[Supplied data Boundary: Start]
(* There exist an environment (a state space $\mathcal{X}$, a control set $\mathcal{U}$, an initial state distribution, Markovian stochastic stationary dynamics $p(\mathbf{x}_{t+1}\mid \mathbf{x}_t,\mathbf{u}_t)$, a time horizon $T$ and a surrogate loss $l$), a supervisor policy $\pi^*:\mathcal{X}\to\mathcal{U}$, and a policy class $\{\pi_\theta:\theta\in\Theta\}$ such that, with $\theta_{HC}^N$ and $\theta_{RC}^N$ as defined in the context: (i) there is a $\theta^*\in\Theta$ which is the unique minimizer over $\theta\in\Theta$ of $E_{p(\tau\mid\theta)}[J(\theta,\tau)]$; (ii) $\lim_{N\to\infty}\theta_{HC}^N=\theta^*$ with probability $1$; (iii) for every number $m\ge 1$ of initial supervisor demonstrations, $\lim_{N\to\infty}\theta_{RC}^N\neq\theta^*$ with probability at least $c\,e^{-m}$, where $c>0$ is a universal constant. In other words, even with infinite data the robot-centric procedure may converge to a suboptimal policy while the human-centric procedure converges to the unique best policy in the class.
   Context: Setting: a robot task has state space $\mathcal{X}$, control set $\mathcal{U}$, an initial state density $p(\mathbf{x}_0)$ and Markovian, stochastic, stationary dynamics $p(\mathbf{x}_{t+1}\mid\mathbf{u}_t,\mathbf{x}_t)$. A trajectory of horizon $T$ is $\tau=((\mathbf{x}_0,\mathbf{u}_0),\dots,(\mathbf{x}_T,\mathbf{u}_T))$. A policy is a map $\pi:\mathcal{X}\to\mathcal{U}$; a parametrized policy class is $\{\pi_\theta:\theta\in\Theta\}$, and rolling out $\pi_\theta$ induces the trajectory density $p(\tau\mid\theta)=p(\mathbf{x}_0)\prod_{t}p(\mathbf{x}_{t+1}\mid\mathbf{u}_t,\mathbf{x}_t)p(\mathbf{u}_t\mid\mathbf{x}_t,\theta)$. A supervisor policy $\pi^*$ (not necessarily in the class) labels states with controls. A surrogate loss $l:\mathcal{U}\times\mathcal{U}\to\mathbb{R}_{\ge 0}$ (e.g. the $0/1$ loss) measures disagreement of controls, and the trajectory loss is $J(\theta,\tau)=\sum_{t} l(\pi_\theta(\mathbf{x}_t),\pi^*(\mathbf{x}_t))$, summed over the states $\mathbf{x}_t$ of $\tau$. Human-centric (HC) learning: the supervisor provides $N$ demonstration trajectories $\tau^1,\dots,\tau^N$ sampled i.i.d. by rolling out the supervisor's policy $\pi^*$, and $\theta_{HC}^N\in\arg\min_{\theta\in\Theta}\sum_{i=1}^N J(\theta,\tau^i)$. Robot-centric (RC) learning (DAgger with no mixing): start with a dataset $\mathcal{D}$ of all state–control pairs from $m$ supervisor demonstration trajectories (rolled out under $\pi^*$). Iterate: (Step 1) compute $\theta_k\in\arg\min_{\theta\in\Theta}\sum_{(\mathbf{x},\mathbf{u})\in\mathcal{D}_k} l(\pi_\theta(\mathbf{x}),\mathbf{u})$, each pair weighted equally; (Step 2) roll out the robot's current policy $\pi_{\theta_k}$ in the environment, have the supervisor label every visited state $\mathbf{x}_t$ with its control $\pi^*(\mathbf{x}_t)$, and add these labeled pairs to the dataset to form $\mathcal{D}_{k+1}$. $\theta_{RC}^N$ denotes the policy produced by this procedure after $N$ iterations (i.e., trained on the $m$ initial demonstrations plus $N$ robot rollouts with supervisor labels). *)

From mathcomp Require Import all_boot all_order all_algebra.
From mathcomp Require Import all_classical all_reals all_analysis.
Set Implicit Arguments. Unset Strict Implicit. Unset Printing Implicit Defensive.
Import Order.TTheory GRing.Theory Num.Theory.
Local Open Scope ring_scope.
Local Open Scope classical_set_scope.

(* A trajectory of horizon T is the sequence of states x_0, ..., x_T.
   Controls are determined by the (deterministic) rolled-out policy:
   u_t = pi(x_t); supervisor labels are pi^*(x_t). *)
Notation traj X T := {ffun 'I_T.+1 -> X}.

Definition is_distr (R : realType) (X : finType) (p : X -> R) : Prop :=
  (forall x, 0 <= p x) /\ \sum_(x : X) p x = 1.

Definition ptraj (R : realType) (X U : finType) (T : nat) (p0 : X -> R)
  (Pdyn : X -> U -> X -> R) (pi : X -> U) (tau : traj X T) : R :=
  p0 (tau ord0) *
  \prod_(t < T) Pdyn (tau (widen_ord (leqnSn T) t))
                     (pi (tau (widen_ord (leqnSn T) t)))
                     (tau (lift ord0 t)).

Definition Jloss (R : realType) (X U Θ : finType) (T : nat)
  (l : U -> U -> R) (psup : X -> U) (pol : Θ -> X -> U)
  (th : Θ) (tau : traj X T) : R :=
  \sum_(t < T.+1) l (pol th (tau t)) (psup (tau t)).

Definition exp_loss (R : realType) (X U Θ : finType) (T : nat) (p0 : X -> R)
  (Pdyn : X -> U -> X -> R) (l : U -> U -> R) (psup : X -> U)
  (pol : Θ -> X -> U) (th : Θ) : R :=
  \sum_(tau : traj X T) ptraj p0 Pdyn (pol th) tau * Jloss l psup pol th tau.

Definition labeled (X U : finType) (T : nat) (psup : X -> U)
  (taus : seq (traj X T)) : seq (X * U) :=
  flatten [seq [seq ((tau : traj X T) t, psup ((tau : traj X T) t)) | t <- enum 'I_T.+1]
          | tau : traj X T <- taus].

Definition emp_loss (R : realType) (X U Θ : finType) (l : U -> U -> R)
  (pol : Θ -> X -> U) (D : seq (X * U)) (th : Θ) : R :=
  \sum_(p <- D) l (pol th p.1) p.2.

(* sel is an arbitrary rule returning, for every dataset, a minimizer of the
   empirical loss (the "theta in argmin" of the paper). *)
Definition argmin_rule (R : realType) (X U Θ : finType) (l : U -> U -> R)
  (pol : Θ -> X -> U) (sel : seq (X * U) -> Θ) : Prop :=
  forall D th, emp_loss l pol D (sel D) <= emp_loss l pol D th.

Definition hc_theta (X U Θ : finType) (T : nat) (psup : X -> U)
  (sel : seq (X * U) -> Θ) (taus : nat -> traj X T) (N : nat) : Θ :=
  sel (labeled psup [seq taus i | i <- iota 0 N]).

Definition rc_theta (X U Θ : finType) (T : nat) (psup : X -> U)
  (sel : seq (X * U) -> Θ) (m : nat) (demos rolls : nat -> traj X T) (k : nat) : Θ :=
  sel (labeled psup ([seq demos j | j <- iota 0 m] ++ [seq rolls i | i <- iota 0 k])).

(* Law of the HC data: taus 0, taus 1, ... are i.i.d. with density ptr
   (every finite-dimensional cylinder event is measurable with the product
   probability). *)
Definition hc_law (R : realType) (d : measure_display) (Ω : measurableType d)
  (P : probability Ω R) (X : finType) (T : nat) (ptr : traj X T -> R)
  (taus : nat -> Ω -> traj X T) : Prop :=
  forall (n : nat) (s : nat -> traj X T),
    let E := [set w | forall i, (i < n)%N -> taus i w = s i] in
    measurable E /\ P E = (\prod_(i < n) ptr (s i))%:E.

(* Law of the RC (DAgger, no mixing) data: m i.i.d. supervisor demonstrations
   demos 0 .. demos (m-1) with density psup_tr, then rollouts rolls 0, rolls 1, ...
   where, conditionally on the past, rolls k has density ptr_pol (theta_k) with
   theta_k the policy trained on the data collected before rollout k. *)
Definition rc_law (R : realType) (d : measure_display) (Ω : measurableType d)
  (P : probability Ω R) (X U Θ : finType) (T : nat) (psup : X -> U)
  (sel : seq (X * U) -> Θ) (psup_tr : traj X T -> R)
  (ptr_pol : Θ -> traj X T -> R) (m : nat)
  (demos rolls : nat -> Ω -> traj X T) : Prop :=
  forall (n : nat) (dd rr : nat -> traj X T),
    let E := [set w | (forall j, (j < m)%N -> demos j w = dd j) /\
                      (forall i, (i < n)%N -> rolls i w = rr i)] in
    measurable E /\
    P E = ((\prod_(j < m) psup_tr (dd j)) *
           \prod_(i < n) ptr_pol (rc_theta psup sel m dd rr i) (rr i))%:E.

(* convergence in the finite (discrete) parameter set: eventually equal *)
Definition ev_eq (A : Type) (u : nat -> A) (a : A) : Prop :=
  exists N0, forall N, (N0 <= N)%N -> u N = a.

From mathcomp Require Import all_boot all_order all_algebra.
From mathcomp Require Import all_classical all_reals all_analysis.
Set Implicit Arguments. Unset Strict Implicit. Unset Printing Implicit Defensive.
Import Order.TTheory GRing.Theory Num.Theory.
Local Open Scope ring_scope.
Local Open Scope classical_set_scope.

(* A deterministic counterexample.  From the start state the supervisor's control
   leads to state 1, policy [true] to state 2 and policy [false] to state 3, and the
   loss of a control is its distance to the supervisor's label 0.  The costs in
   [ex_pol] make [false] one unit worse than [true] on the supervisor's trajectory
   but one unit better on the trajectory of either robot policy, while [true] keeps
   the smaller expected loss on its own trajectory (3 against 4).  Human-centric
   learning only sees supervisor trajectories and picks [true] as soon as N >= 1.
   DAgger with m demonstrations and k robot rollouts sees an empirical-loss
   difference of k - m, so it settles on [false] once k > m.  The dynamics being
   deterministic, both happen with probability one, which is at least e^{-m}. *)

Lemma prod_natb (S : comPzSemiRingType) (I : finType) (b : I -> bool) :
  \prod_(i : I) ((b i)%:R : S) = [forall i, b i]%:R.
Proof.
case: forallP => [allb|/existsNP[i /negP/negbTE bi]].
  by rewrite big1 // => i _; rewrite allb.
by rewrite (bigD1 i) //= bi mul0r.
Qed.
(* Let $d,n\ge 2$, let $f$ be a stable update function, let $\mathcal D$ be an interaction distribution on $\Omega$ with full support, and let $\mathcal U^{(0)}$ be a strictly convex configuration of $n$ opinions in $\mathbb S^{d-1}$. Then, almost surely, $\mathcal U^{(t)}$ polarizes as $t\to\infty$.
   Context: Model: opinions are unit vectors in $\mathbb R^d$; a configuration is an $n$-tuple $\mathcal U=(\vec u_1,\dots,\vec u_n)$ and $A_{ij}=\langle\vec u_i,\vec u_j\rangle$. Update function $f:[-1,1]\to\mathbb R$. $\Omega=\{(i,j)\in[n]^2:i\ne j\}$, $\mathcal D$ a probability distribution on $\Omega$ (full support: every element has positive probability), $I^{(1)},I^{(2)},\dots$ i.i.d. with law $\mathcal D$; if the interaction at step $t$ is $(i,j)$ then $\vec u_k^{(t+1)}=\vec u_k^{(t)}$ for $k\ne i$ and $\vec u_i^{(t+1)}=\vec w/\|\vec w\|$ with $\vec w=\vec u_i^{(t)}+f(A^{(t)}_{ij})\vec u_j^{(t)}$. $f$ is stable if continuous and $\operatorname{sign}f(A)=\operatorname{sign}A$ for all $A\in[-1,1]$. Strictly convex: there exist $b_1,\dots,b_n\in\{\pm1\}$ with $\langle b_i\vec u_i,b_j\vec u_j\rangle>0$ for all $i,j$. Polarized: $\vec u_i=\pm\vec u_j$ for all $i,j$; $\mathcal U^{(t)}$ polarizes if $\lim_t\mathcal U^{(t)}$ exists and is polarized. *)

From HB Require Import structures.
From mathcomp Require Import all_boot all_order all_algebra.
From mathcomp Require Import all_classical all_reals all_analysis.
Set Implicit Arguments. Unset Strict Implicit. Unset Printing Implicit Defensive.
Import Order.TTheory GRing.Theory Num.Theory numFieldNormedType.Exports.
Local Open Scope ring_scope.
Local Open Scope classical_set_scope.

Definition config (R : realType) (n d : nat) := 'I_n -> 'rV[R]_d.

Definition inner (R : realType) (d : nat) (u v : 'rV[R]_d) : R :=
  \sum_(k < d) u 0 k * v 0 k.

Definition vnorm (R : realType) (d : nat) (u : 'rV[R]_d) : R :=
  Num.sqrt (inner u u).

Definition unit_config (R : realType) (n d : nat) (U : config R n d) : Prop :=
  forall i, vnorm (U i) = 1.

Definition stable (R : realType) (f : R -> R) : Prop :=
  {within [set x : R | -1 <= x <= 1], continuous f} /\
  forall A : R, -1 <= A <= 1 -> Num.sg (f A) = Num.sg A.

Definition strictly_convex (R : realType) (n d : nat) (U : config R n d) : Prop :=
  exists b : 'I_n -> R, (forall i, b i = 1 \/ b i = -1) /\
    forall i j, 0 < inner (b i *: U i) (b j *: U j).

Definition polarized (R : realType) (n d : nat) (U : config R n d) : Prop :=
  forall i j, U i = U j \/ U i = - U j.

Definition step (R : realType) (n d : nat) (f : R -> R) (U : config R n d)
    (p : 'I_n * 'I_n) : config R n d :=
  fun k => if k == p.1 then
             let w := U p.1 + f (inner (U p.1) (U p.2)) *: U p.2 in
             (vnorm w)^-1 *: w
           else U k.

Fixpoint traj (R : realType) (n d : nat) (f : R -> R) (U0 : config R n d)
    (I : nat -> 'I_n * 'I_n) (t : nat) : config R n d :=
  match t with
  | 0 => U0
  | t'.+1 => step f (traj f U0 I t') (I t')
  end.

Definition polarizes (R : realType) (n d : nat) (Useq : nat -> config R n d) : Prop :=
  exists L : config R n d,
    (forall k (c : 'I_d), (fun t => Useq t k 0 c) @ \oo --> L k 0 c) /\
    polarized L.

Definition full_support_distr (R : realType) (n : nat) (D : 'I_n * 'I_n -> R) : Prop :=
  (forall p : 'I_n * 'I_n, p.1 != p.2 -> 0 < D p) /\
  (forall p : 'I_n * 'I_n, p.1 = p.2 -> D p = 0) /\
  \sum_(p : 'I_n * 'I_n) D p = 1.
[Supplied data Boundary: End]
Directions for this task:
Above are the records; copy exactly the lines from the line with "Pdyn (tau (widen_ord (leqnSn T) t))" through the line with "(pol : Θ -> X -> U) (D", both included.

Response to the exercise:
  \prod_(t < T) Pdyn (tau (widen_ord (leqnSn T) t))
                     (pi (tau (widen_ord (leqnSn T) t)))
                     (tau (lift ord0 t)).

Definition Jloss (R : realType) (X U Θ : finType) (T : nat)
  (l : U -> U -> R) (psup : X -> U) (pol : Θ -> X -> U)
  (th : Θ) (tau : traj X T) : R :=
  \sum_(t < T.+1) l (pol th (tau t)) (psup (tau t)).

Definition exp_loss (R : realType) (X U Θ : finType) (T : nat) (p0 : X -> R)
  (Pdyn : X -> U -> X -> R) (l : U -> U -> R) (psup : X -> U)
  (pol : Θ -> X -> U) (th : Θ) : R :=
  \sum_(tau : traj X T) ptraj p0 Pdyn (pol th) tau * Jloss l psup pol th tau.

Definition labeled (X U : finType) (T : nat) (psup : X -> U)
  (taus : seq (traj X T)) : seq (X * U) :=
  flatten [seq [seq ((tau : traj X T) t, psup ((tau : traj X T) t)) | t <- enum 'I_T.+1]
          | tau : traj X T <- taus].

Definition emp_loss (R : realType) (X U Θ : finType) (l : U -> U -> R)
  (pol : Θ -> X -> U) (D : seq (X * U)) (th : Θ) : R :=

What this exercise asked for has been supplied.